● Requirement:
Go to the line containing "assert (Hfine_q := fine_division_widen" in the records below and print it and every following line exactly, on through the line containing "rewrite riemann_sum_concat, riemann_sum_single", then stop.

● Provided entries:
Definition concat_tags (n : nat) (t s : nat -> R) (i : nat) : R :=
  if (i <? n)%nat then t i else s (i - n)%nat.

Lemma concat_points_l n x y i : (i <= n)%nat -> concat_points n x y i = x i.
Proof. intros Hi. unfold concat_points. destruct (Nat.leb_spec i n); [reflexivity | lia]. Qed.

Lemma concat_points_r n x y i :
  x n = y 0%nat -> (n <= i)%nat -> concat_points n x y i = y (i - n)%nat.
Proof.
  intros Hjoin Hi. unfold concat_points. destruct (Nat.leb_spec i n); [| reflexivity].
  replace i with n by lia. rewrite Nat.sub_diag. exact Hjoin.
Qed.

Lemma concat_tags_l n t s i : (i < n)%nat -> concat_tags n t s i = t i.
Proof. intros Hi. unfold concat_tags. destruct (Nat.ltb_spec i n); [reflexivity | lia]. Qed.

Lemma concat_tags_r n t s i : (n <= i)%nat -> concat_tags n t s i = s (i - n)%nat.
Proof. intros Hi. unfold concat_tags. destruct (Nat.ltb_spec i n); [lia | reflexivity]. Qed.

Lemma fine_division_concat delta a b c lo hi n m x t y s :
  fine_division delta a b lo hi n x t -> fine_division delta b c lo hi m y s ->
  fine_division delta a c lo hi (n + m) (concat_points n x y) (concat_tags n t s).
Proof.
  intros [Hx0 [Hxn Hx]] [Hy0 [Hym Hy]].
  assert (Hjoin : x n = y 0%nat) by congruence.
  split; [| split].
  - rewrite concat_points_l by lia. exact Hx0.
  - rewrite concat_points_r by (auto; lia). replace (n + m - n)%nat with m by lia. exact Hym.
  - intros i Hi. destruct (Nat.lt_ge_cases i n) as [Hlt | Hge].
    + rewrite !concat_points_l, concat_tags_l by lia. apply Hx; lia.
    + rewrite !concat_points_r, concat_tags_r by (auto; lia).
      replace (S i - n)%nat with (S (i - n)) by lia. apply Hy; lia.
Qed.

Lemma riemann_sum_ext f x t x' t' n :
  (forall i, (i <= n)%nat -> x i = x' i) -> (forall i, (i < n)%nat -> t i = t' i) ->
  riemann_sum f x t n = riemann_sum f x' t' n.
Proof.
  induction n as [| n IH]; intros Hx Ht; simpl; [reflexivity |].
  rewrite IH by auto. rewrite Hx, (Hx n), Ht by lia. reflexivity.
Qed.

Lemma riemann_sum_concat f n m x t y s :
  x n = y 0%nat ->
  riemann_sum f (concat_points n x y) (concat_tags n t s) (n + m) =
  riemann_sum f x t n + riemann_sum f y s m.
Proof.
  intros Hjoin. induction m as [| m IH].
  - rewrite Nat.add_0_r. simpl. rewrite Rplus_0_r.
    apply riemann_sum_ext; intros.
    + apply concat_points_l; lia.
    + apply concat_tags_l; lia.
  - replace (n + S m)%nat with (S (n + m)) by lia. simpl. rewrite IH.
    rewrite concat_tags_r, !concat_points_r by (auto; lia).
    replace (n + m - n)%nat with m by lia.
    replace (S (n + m) - n)%nat with (S m) by lia. ring.
Qed.

Definition single_points (p q : R) (i : nat) : R := if (i =? 0)%nat then p else q.

Lemma fine_division_single delta p q c lo hi :
  p <= q -> lo <= c <= hi -> c - delta c < p -> q < c + delta c ->
  fine_division delta p q lo hi 1 (single_points p q) (fun _ => c).
Proof.
  intros. split; [reflexivity | split; [reflexivity |]].
  intros i Hi. replace i with 0%nat by lia. unfold single_points; simpl. lra.
Qed.

Lemma riemann_sum_single f p q c :
  riemann_sum f (single_points p q) (fun _ => c) 1 = f c * (q - p).
Proof. unfold single_points; simpl. ring. Qed.

Lemma riemann_sum_nonneg f delta a b lo n x t :
  (forall s, lo <= s -> 0 <= f s) -> fine_division delta a b lo b n x t ->
  0 <= riemann_sum f x t n.
Proof.
  intros Hf [_ [_ Hx]]. induction n as [| n IH]; simpl; [lra |].
  assert (0 <= riemann_sum f x t n) by (apply IH; intros; apply Hx; lia).
  destruct (Hx n ltac:(lia)) as [Hmono [Htag _]].
  assert (0 <= f (t n)) by (apply Hf; lra). nra.
Qed.

(* Cousin's lemma, by the supremum of the endpoints s up to which [a,s] has a fine division. *)
Lemma cousin delta a b :
  (forall s, delta s > 0) -> a <= b -> exists n x t, fine_division delta a b a b n x t.
Proof.
  intros Hdelta Hab.
  set (E := fun s => a <= s <= b /\ exists n x t, fine_division delta a s a s n x t).
  assert (Ea : E a).
  { split; [lra |]. exists 0%nat, (fun _ => a), (fun _ => a).
    split; [reflexivity | split; [reflexivity | intros; lia]]. }
  assert (Ebound : bound E) by (exists b; intros s [Hs _]; lra).
  destruct (completeness E Ebound (ex_intro _ a Ea)) as [sup [Hub Hlub]].
  assert (Hsup_a : a <= sup) by (apply Hub; exact Ea).
  assert (Hsup_b : sup <= b) by (apply Hlub; intros s [Hs _]; lra).
  assert (Hds := Hdelta sup).
  assert (Hclose : exists s, E s /\ s > sup - delta sup).
  { apply NNPP. intros Hno.
    assert (sup <= sup - delta sup); [| lra].
    apply Hlub. intros s Es. apply Rnot_lt_le. intros Hs. apply Hno. exists s. split; auto. }
  destruct Hclose as [s [[Hs [n [x [t Hfine]]]] Hs_close]].
  assert (Hs_sup : s <= sup) by (apply Hub; split; auto; exists n, x, t; auto).
  set (s' := Rmin b (sup + delta sup / 2)).
  assert (Hs'_b : s' <= b) by apply Rmin_l.
  assert (Hs'_sup : s' <= sup + delta sup / 2) by apply Rmin_r.
  assert (Hsup_s' : sup <= s') by (apply Rmin_glb; lra).
  assert (Es' : E s').
  { split; [lra |]. exists (n + 1)%nat, (concat_points n x (single_points s s')),
      (concat_tags n t (fun _ => sup)).
    apply fine_division_concat with (b := s).
    - apply fine_division_weaken with delta a s; auto; intros; lra.
    - apply fine_division_single; lra. }
  assert (Hs'_le : s' <= sup) by (apply Hub; exact Es').
  assert (Hs'_eq : s' = b).
  { destruct (Rle_lt_dec b sup); [lra |].
    assert (sup < s') by (apply Rmin_glb_lt; lra). lra. }
  destruct Es' as [_ Hfine']. rewrite Hs'_eq in Hfine'. exact Hfine'.
Qed.

(* The gauge is the one for [a,b], independent of p: this makes the estimates below
   uniform in p. *)
Lemma has_integral_increment f a p b Ip Ib delta eps :
  a <= p <= b -> has_integral f a p Ip -> (forall s, delta s > 0) ->
  (forall n x t, mcshane_fine delta a b n x t -> Rabs (riemann_sum f x t n - Ib) < eps) ->
  forall n x t, fine_division delta p b a b n x t ->
  - eps <= Ib - Ip - riemann_sum f x t n <= eps.
Proof.
  intros Hapb HIp Hdelta HIb n x t Hfine.
  enough (Habs : Rabs (Ib - Ip - riemann_sum f x t n) <= eps)
    by (revert Habs; unfold Rabs; destruct Rcase_abs; lra).
  apply Rnot_lt_le. intros Hgt.
  set (eps' := Rabs (Ib - Ip - riemann_sum f x t n) - eps).
  destruct (HIp eps' ltac:(unfold eps'; lra)) as [deltap [Hdeltap HIp']].
  set (delta' := fun s => Rmin (delta s) (deltap s)).
  assert (Hdelta' : forall s, delta' s > 0) by (intros; apply Rmin_glb_lt; [apply Hdelta | apply Hdeltap]).
  destruct (cousin delta' a p Hdelta' ltac:(lra)) as [m [y [s Hfine']]].
  assert (Happrox_p : Rabs (riemann_sum f y s m - Ip) < eps').
  { apply HIp'. apply fine_division_weaken with delta' a p; [exact Hfine' | intros; apply Rmin_r | lra | lra]. }
  assert (Hfine_ap : fine_division delta a p a b m y s).
  { apply fine_division_weaken with delta' a p; [exact Hfine' | intros; apply Rmin_l | lra | lra]. }
  assert (Hfine_ab := fine_division_concat _ _ _ _ _ _ _ _ _ _ _ _ Hfine_ap Hfine).
  assert (Happrox_b := HIb _ _ _ Hfine_ab).
  rewrite riemann_sum_concat in Happrox_b
    by (destruct Hfine' as [_ [Hend _]]; destruct Hfine as [Hstart _]; congruence).
  unfold eps' in *.
  revert Happrox_p Happrox_b.
  unfold Rabs; repeat destruct Rcase_abs; lra.
Qed.

Section PrimitiveOfNonnegative.

Variable phi : R -> R.
Hypothesis phi_nonneg : forall t, 0 <= t -> 0 <= phi t.
Hypothesis phi_integrable : forall a, 0 <= a -> integrable_on phi 0 a.

Lemma has_integral_integral p : 0 <= p -> has_integral phi 0 p (integral phi 0 p).
Proof.
  intros Hp. destruct (phi_integrable p Hp) as [I HI].
  unfold integral. apply epsilon_spec. exists I. exact HI.
Qed.

Lemma integral_nonneg p : 0 <= p -> 0 <= integral phi 0 p.
Proof.
  intros Hp. apply Rnot_lt_le. intros Hneg.
  destruct (has_integral_integral p Hp (- integral phi 0 p) ltac:(lra))
    as [delta [Hdelta Happrox]].
  destruct (cousin delta 0 p Hdelta Hp) as [n [x [t Hfine]]].
  specialize (Happrox n x t Hfine).
  pose proof (riemann_sum_nonneg phi _ _ _ _ _ _ _ phi_nonneg Hfine).
  apply Rabs_def2 in Happrox. lra.
Qed.

Lemma integral_mono p q : 0 <= p <= q -> integral phi 0 p <= integral phi 0 q.
Proof.
  intros Hpq. apply Rnot_lt_le. intros Hlt.
  set (eps := (integral phi 0 p - integral phi 0 q) / 2).
  destruct (has_integral_integral q ltac:(lra) eps ltac:(unfold eps; lra))
    as [delta [Hdelta Happrox]].
  destruct (cousin delta p q Hdelta ltac:(lra)) as [n [x [t Hfine]]].
  assert (0 <= riemann_sum phi x t n).
  { apply (riemann_sum_nonneg phi delta p q p n x t); [intros; apply phi_nonneg; lra | exact Hfine]. }
  assert (Hinc := has_integral_increment phi 0 p q _ _ _ _ ltac:(lra)
    (has_integral_integral p ltac:(lra)) Hdelta Happrox n x t
    (fine_division_widen _ _ _ _ _ 0 q _ _ _ Hfine ltac:(lra) ltac:(lra))).
  unfold eps in *. lra.
Qed.

(* A division of [p,b] may start with the single interval [p,q] tagged at c: the increment
   over [p,q] is then [phi c * (q - p)] up to the error of the gauge for [0,b]. *)
Lemma integral_continuous c eps :
  0 <= c -> eps > 0 -> exists h, h > 0 /\
    forall p q, 0 <= p <= c -> c <= q -> q - p < h ->
      integral phi 0 q - integral phi 0 p < eps.
Proof.
  intros Hc Heps. set (b := c + 1).
  destruct (has_integral_integral b ltac:(unfold b; lra) (eps / 4) ltac:(lra))
    as [delta [Hdelta Happrox]].
  set (A := Rabs (phi c)).
  assert (HA : 0 <= A) by apply Rabs_pos.
  set (h := Rmin (Rmin (delta c) 1) (eps / 2 / (A + 1))).
  assert (Hh_delta : h <= delta c) by (unfold h; eapply Rle_trans; [apply Rmin_l | apply Rmin_l]).
  assert (Hh_1 : h <= 1) by (unfold h; eapply Rle_trans; [apply Rmin_l | apply Rmin_r]).
  assert (Hh_A : h <= eps / 2 / (A + 1)) by (unfold h; apply Rmin_r).
  exists h. split.
  { unfold h. apply Rmin_glb_lt; [apply Rmin_glb_lt; [apply Hdelta | lra] |].
    apply Rdiv_lt_0_compat; lra. }
  intros p q Hp Hq Hpq.
  destruct (cousin delta q b Hdelta ltac:(unfold b; lra)) as [n [x [t Hfine]]].
  assert (Hfine_q := fine_division_widen _ _ _ _ _ 0 b _ _ _ Hfine
    ltac:(lra) ltac:(lra)).
  assert (Hfine_p := fine_division_concat _ _ _ _ _ _ _ _ _ _ _ _
    (fine_division_single delta p q c 0 b ltac:(lra) ltac:(unfold b; lra) ltac:(lra) ltac:(lra))
    Hfine_q).
  assert (Hinc_q := has_integral_increment phi 0 q b _ _ _ _ ltac:(unfold b; lra)
    (has_integral_integral q ltac:(lra)) Hdelta Happrox n x t Hfine_q).
  assert (Hinc_p := has_integral_increment phi 0 p b _ _ _ _ ltac:(unfold b; lra)
    (has_integral_integral p ltac:(lra)) Hdelta Happrox _ _ _ Hfine_p).
  rewrite riemann_sum_concat, riemann_sum_single in Hinc_p
    by (destruct Hfine as [Hstart _]; unfold single_points; simpl; congruence).
  assert (Hsmall : phi c * (q - p) < eps / 2).
  { assert (phi c * (q - p) <= A * (q - p)) by (apply Rmult_le_compat_r; [lra | apply Rle_abs]).
    assert ((A + 1) * (q - p) < (A + 1) * (eps / 2 / (A + 1))) by (apply Rmult_lt_compat_l; lra).
    assert ((A + 1) * (eps / 2 / (A + 1)) = eps / 2) by (field; lra).
    nra. }
  lra.
Qed.

End PrimitiveOfNonnegative.

Section MetricLimits.

Variables (X : Type) (d : X -> X -> R).
Hypothesis Hd : is_metric d.

Lemma converges_to_unique u l1 l2 : converges_to d u l1 -> converges_to d u l2 -> l1 = l2.
Proof.
  destruct Hd as [d_nonneg [d_eq0 [d_sym d_tri]]]. intros H1 H2.
  apply d_eq0. apply Rle_antisym; [apply Rnot_lt_le; intros Hpos | apply d_nonneg].
  destruct (H1 (d l1 l2 / 2) ltac:(lra)) as [N1 HN1].
  destruct (H2 (d l1 l2 / 2) ltac:(lra)) as [N2 HN2].
  specialize (HN1 (N1 + N2)%nat ltac:(lia)). specialize (HN2 (N1 + N2)%nat ltac:(lia)).
  pose proof (d_tri l1 (u (N1 + N2)%nat) l2). rewrite d_sym in HN1. lra.
Qed.

Lemma converges_to_subseq u l (sigma : nat -> nat) :
  (forall n, (sigma n < sigma (S n))%nat) -> converges_to d u l ->
  converges_to d (fun n => u (sigma n)) l.
Proof.
  intros Hsigma Hu eps Heps. destruct (Hu eps Heps) as [N HN].
  assert (Hgrow : forall n, (n <= sigma n)%nat).
  { induction n as [| n IH]; [lia |]. specialize (Hsigma n). lia. }
  exists N. intros n Hn. apply HN. specialize (Hgrow n). lia.
Qed.

Lemma converges_to_continuous T u l :
  continuous_map d T -> converges_to d u l -> converges_to d (fun n => T (u n)) (T l).
Proof.
  destruct Hd as [_ [_ [d_sym _]]]. intros HT Hu eps Heps.
  destruct (HT l eps Heps) as [delta [Hdelta Hcont]].
  destruct (Hu delta Hdelta) as [N HN]. exists N. intros n Hn.
  rewrite d_sym. apply Hcont. rewrite d_sym. apply HN; exact Hn.
Qed.

End MetricLimits.

Lemma mprime_le {X : Type} (d : X -> X -> R) f T (x y : X) r :
  d (T x) (T y) <= r -> d (T x) (T (f x)) <= r -> d (T y) (T (f y)) <= r ->
  (d (T x) (T (f y)) + d (T y) (T (f x))) / 2 <= r -> mprime d f T x y <= r.
Proof. intros; unfold mprime; repeat apply Rmax_lub; assumption. Qed.

Lemma mprime_lt {X : Type} (d : X -> X -> R) f T (x y : X) r :
  d (T x) (T y) < r -> d (T x) (T (f x)) < r -> d (T y) (T (f y)) < r ->
  (d (T x) (T (f y)) + d (T y) (T (f x))) / 2 < r -> mprime d f T x y < r.
Proof. intros; unfold mprime; repeat apply Rmax_lub_lt; assumption. Qed.

Lemma mprime_ge_displacement {X : Type} (d : X -> X -> R) f T (x y : X) :
  d (T x) (T (f x)) <= mprime d f T x y.
Proof. unfold mprime. eapply Rle_trans; [apply Rmax_r | apply Rmax_l]. Qed.

Lemma mprime_nonneg {X : Type} (d : X -> X -> R) f T (x y : X) :
  is_metric d -> 0 <= mprime d f T x y.
Proof. intros Hd. eapply Rle_trans; [apply Hd | apply mprime_ge_displacement]. Qed.

Section ContractiveCondition.

Variable F : R -> R.
Hypothesis F_mono : forall p q, 0 <= p <= q -> F p <= F q.
Hypothesis F_nonneg : forall p, 0 <= p -> 0 <= F p.
Hypothesis F_pos : forall e, e > 0 -> F e > 0.
Hypothesis F_continuous : forall c eps, 0 <= c -> eps > 0 -> exists h, h > 0 /\
  forall p q, 0 <= p <= c -> c <= q -> q - p < h -> F q - F p < eps.
Variable k : R.
Hypothesis Hk : 0 <= k < 1.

● Result below:
  assert (Hfine_q := fine_division_widen _ _ _ _ _ 0 b _ _ _ Hfine
    ltac:(lra) ltac:(lra)).
  assert (Hfine_p := fine_division_concat _ _ _ _ _ _ _ _ _ _ _ _
    (fine_division_single delta p q c 0 b ltac:(lra) ltac:(unfold b; lra) ltac:(lra) ltac:(lra))
    Hfine_q).
  assert (Hinc_q := has_integral_increment phi 0 q b _ _ _ _ ltac:(unfold b; lra)
    (has_integral_integral q ltac:(lra)) Hdelta Happrox n x t Hfine_q).
  assert (Hinc_p := has_integral_increment phi 0 p b _ _ _ _ ltac:(unfold b; lra)
    (has_integral_integral p ltac:(lra)) Hdelta Happrox _ _ _ Hfine_p).
  rewrite riemann_sum_concat, riemann_sum_single in Hinc_p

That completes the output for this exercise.